__ACTIVITY__:
Of all the lines below, return only those starting with the line holding "Lemma symmetric_spectral_decomp n" and going on through the line holding "exists U, (fun", exactly as written.

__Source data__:
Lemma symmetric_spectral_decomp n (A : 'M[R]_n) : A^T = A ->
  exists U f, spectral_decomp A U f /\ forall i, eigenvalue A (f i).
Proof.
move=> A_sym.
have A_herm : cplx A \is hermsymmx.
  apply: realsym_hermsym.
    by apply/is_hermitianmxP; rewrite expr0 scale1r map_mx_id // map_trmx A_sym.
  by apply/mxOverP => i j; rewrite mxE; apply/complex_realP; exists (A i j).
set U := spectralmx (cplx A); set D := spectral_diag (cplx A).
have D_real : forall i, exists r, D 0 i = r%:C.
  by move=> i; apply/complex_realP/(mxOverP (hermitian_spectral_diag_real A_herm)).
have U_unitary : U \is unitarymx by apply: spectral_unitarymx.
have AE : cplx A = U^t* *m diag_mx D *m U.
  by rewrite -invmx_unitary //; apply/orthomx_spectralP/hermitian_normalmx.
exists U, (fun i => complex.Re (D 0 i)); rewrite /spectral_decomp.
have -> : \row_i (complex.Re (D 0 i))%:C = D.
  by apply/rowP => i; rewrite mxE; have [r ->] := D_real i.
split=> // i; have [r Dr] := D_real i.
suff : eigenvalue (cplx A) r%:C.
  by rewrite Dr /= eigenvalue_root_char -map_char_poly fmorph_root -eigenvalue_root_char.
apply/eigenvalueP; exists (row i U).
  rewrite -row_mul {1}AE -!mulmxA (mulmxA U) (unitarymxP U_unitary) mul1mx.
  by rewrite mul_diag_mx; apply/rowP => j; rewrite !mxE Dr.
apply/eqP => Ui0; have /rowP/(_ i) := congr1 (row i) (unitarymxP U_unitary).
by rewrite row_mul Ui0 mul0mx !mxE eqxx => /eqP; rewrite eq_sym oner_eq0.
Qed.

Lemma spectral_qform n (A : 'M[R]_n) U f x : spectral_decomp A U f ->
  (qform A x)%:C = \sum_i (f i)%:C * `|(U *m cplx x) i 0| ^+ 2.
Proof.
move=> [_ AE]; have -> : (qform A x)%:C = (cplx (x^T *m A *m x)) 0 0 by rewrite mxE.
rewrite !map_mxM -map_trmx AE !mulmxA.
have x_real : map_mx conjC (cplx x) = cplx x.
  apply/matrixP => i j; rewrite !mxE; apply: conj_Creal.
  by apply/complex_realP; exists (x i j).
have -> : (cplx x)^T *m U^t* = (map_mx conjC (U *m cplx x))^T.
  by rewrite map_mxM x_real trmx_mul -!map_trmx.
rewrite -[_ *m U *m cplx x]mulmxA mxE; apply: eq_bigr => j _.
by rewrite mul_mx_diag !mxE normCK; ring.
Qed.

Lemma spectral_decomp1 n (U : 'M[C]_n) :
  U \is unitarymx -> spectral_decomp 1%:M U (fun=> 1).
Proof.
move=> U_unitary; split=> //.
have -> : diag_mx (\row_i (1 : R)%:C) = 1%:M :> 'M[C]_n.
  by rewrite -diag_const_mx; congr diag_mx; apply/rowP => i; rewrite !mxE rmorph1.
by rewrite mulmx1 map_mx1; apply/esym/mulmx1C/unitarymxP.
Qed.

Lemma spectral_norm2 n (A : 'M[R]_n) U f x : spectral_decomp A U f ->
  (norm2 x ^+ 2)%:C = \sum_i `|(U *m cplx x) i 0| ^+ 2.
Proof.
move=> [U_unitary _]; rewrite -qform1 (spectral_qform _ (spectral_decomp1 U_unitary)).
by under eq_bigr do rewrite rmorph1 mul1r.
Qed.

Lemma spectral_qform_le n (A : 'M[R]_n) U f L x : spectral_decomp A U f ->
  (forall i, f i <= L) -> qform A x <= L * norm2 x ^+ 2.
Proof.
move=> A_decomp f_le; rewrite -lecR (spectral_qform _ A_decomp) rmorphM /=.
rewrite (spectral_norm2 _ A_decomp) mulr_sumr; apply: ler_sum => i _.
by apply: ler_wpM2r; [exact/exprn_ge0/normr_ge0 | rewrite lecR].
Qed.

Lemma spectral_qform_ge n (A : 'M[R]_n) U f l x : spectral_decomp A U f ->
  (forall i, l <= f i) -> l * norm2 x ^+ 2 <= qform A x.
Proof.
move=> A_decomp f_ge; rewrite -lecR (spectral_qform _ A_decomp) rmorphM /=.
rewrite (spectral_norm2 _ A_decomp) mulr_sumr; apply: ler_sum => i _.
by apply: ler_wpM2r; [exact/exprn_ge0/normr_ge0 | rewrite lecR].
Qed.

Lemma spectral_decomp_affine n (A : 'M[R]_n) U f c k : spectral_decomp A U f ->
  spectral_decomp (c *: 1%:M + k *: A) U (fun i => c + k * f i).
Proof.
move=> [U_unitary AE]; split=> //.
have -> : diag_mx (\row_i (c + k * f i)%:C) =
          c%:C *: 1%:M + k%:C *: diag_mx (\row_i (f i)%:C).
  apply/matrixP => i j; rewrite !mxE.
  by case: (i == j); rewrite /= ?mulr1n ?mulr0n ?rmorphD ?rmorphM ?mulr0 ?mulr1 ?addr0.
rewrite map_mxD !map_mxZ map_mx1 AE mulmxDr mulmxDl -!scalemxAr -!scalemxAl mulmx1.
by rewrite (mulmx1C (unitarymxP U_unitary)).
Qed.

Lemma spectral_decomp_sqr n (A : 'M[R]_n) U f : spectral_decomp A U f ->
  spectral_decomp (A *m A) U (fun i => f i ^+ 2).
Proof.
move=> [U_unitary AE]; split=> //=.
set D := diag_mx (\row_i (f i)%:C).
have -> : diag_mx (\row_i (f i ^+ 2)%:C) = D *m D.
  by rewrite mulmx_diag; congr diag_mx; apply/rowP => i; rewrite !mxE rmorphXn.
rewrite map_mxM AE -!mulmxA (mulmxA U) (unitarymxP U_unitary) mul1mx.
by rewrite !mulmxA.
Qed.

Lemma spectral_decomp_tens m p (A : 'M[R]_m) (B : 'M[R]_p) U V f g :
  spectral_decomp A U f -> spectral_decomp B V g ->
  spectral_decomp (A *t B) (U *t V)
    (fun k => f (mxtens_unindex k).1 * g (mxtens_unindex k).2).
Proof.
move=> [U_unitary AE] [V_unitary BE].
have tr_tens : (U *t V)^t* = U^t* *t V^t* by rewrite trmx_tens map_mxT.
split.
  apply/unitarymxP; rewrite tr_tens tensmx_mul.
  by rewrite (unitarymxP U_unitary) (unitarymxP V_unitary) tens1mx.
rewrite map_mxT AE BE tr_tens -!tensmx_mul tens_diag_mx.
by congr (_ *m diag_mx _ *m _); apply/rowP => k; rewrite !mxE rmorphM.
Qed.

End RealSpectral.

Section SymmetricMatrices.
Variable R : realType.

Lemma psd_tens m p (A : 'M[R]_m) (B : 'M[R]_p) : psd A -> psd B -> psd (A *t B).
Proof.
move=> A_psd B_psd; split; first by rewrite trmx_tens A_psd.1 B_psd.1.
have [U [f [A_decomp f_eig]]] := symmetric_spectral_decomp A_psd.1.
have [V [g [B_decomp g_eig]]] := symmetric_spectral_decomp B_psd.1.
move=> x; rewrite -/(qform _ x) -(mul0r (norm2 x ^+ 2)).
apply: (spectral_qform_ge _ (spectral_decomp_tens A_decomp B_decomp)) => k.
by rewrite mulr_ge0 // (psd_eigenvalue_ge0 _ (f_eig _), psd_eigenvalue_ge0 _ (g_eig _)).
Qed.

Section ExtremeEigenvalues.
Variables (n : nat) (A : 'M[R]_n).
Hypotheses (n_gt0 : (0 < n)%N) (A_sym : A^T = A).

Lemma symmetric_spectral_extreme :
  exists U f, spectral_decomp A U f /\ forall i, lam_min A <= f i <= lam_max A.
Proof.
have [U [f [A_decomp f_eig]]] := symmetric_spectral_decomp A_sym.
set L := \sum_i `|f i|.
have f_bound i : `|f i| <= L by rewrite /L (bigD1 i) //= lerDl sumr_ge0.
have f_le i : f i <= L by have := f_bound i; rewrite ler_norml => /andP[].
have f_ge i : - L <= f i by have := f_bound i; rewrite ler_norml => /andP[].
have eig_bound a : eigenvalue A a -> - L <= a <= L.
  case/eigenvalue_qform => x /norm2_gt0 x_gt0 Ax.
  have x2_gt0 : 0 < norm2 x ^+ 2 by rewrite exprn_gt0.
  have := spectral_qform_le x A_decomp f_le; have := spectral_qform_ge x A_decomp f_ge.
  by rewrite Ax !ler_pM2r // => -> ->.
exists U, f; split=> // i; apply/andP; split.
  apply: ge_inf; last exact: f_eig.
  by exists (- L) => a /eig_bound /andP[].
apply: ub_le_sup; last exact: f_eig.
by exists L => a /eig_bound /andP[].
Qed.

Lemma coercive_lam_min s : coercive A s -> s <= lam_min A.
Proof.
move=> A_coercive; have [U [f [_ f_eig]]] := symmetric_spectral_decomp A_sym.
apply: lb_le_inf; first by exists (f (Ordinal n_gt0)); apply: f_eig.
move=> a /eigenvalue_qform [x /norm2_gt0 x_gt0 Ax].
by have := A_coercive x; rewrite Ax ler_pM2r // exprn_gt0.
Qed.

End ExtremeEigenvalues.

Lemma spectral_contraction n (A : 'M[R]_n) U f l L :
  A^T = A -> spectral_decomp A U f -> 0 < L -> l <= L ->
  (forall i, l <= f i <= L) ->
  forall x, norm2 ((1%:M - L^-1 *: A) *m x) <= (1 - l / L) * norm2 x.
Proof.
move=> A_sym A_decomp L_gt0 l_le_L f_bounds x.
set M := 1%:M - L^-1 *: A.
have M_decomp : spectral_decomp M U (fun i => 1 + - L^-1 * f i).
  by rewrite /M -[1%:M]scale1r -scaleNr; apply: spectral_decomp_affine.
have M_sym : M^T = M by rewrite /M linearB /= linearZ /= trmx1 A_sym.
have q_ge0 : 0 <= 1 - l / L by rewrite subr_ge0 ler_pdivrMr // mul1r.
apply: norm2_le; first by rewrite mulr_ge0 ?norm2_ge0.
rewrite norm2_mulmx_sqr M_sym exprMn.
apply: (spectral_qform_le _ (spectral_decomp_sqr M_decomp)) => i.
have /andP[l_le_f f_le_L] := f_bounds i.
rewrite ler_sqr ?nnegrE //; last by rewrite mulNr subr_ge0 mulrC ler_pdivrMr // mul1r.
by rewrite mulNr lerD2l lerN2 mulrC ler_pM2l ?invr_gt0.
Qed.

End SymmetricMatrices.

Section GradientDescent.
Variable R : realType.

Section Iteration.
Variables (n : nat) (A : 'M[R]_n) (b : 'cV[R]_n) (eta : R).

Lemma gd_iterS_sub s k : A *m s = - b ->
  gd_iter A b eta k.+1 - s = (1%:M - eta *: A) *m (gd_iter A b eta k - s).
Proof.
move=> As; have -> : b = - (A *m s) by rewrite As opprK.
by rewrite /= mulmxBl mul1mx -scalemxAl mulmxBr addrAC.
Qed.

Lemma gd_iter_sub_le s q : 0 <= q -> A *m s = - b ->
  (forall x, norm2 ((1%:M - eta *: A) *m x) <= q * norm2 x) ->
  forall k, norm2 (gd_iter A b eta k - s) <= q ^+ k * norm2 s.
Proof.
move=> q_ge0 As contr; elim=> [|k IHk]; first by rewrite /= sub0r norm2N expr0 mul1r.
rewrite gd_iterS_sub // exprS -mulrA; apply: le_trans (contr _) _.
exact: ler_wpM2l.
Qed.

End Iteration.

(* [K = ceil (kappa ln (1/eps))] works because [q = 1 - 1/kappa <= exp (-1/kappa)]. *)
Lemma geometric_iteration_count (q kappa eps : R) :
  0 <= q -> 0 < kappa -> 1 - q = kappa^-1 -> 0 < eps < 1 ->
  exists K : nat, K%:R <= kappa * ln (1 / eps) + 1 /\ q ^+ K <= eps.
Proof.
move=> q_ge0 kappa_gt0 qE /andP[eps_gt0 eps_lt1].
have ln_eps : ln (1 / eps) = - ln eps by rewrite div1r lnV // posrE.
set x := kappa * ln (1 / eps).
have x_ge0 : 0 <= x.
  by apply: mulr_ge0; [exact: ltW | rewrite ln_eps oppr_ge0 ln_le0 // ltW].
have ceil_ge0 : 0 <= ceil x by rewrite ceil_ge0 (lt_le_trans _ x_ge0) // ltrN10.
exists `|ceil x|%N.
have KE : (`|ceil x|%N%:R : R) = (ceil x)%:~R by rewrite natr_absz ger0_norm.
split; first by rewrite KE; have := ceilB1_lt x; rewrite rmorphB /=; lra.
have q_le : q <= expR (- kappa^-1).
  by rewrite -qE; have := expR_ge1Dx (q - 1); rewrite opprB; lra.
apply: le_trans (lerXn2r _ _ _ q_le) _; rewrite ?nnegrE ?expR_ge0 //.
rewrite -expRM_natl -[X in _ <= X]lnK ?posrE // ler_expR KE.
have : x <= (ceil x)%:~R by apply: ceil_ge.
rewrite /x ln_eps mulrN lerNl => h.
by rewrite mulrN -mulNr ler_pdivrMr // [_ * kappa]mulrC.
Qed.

--

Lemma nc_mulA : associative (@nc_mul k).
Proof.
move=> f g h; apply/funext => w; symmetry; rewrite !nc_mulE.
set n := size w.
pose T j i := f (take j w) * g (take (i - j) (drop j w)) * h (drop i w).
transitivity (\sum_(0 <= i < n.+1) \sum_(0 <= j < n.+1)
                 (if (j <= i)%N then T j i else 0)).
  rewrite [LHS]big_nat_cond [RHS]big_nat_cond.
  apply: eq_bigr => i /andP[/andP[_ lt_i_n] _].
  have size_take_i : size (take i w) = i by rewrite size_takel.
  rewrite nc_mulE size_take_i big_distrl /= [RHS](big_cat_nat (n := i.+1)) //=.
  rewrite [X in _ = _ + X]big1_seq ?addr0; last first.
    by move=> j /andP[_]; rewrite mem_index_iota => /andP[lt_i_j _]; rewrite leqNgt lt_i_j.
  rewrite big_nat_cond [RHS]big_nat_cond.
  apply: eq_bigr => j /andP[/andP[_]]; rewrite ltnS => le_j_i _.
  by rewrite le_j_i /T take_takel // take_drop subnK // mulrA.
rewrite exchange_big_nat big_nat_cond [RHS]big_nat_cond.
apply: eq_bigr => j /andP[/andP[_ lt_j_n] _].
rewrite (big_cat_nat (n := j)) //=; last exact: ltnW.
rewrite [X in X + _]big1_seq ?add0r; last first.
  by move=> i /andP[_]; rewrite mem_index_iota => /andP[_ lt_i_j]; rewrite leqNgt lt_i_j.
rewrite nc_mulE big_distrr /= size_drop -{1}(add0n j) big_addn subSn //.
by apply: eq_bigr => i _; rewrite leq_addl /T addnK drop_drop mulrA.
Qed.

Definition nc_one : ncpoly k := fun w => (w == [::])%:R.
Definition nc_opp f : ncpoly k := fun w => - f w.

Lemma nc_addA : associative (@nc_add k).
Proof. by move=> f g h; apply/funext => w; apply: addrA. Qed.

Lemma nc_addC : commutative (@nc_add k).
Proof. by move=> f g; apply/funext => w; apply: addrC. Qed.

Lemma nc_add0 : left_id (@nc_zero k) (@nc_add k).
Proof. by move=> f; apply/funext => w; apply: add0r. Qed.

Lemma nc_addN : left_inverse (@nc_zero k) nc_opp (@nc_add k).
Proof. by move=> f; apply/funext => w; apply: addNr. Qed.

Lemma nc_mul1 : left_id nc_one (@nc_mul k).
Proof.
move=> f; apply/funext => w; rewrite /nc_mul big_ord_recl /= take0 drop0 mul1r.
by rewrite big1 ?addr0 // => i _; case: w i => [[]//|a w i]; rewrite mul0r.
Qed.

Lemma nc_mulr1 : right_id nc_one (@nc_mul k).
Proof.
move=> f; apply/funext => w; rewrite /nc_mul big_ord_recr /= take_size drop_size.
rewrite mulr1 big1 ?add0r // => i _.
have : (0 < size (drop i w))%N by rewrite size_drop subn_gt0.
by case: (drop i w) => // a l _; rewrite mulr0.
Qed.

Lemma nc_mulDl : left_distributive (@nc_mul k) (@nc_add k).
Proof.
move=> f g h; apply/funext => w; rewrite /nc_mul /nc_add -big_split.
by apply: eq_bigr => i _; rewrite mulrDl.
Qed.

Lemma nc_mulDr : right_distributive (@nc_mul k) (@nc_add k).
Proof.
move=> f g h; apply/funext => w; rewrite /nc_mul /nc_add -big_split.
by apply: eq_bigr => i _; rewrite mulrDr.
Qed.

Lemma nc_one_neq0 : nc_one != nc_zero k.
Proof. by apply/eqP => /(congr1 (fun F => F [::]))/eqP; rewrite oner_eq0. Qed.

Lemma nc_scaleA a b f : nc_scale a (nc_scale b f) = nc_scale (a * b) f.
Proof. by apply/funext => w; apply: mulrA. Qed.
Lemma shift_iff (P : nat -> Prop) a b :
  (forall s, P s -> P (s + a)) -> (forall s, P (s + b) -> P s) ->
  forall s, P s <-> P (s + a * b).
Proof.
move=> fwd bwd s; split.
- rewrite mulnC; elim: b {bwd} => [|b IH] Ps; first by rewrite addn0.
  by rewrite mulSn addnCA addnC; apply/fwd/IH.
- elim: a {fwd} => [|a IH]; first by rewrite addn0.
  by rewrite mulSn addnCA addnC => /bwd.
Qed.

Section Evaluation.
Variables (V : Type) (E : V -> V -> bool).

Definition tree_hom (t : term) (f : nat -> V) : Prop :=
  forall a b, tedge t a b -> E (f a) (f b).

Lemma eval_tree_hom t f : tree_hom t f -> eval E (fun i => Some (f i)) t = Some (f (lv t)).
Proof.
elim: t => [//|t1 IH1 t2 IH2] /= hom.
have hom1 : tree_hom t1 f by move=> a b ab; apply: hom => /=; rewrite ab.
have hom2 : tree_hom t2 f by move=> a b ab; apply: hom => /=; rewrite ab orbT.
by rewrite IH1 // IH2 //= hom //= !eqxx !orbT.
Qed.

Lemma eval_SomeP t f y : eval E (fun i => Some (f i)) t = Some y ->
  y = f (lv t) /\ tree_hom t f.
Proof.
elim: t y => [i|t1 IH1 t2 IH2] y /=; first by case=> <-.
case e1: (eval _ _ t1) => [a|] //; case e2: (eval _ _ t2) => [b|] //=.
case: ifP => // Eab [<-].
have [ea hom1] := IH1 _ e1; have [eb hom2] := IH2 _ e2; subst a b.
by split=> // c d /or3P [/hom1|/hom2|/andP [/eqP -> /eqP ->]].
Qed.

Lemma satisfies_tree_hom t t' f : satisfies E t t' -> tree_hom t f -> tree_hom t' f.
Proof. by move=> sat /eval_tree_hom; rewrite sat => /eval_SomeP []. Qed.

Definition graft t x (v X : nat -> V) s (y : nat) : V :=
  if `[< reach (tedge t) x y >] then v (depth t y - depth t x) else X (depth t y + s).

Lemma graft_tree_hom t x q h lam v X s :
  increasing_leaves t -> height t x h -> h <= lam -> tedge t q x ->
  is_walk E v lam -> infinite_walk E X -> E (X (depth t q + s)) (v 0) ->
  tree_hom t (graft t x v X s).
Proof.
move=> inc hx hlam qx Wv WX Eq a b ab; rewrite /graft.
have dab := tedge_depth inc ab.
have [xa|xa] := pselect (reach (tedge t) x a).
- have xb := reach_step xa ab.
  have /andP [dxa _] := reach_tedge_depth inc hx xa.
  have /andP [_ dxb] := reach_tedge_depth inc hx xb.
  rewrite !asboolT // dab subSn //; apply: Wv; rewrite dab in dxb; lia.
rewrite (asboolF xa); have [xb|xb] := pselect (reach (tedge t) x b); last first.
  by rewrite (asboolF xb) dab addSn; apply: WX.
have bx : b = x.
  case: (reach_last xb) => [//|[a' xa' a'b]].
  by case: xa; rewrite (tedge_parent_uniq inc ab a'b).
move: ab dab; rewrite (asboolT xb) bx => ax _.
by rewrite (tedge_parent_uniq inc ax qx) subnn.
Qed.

__WRITTEN SOLUTION__:
Lemma symmetric_spectral_decomp n (A : 'M[R]_n) : A^T = A ->
  exists U f, spectral_decomp A U f /\ forall i, eigenvalue A (f i).
Proof.
move=> A_sym.
have A_herm : cplx A \is hermsymmx.
  apply: realsym_hermsym.
    by apply/is_hermitianmxP; rewrite expr0 scale1r map_mx_id // map_trmx A_sym.
  by apply/mxOverP => i j; rewrite mxE; apply/complex_realP; exists (A i j).
set U := spectralmx (cplx A); set D := spectral_diag (cplx A).
have D_real : forall i, exists r, D 0 i = r%:C.
  by move=> i; apply/complex_realP/(mxOverP (hermitian_spectral_diag_real A_herm)).
have U_unitary : U \is unitarymx by apply: spectral_unitarymx.
have AE : cplx A = U^t* *m diag_mx D *m U.
  by rewrite -invmx_unitary //; apply/orthomx_spectralP/hermitian_normalmx.
exists U, (fun i => complex.Re (D 0 i)); rewrite /spectral_decomp.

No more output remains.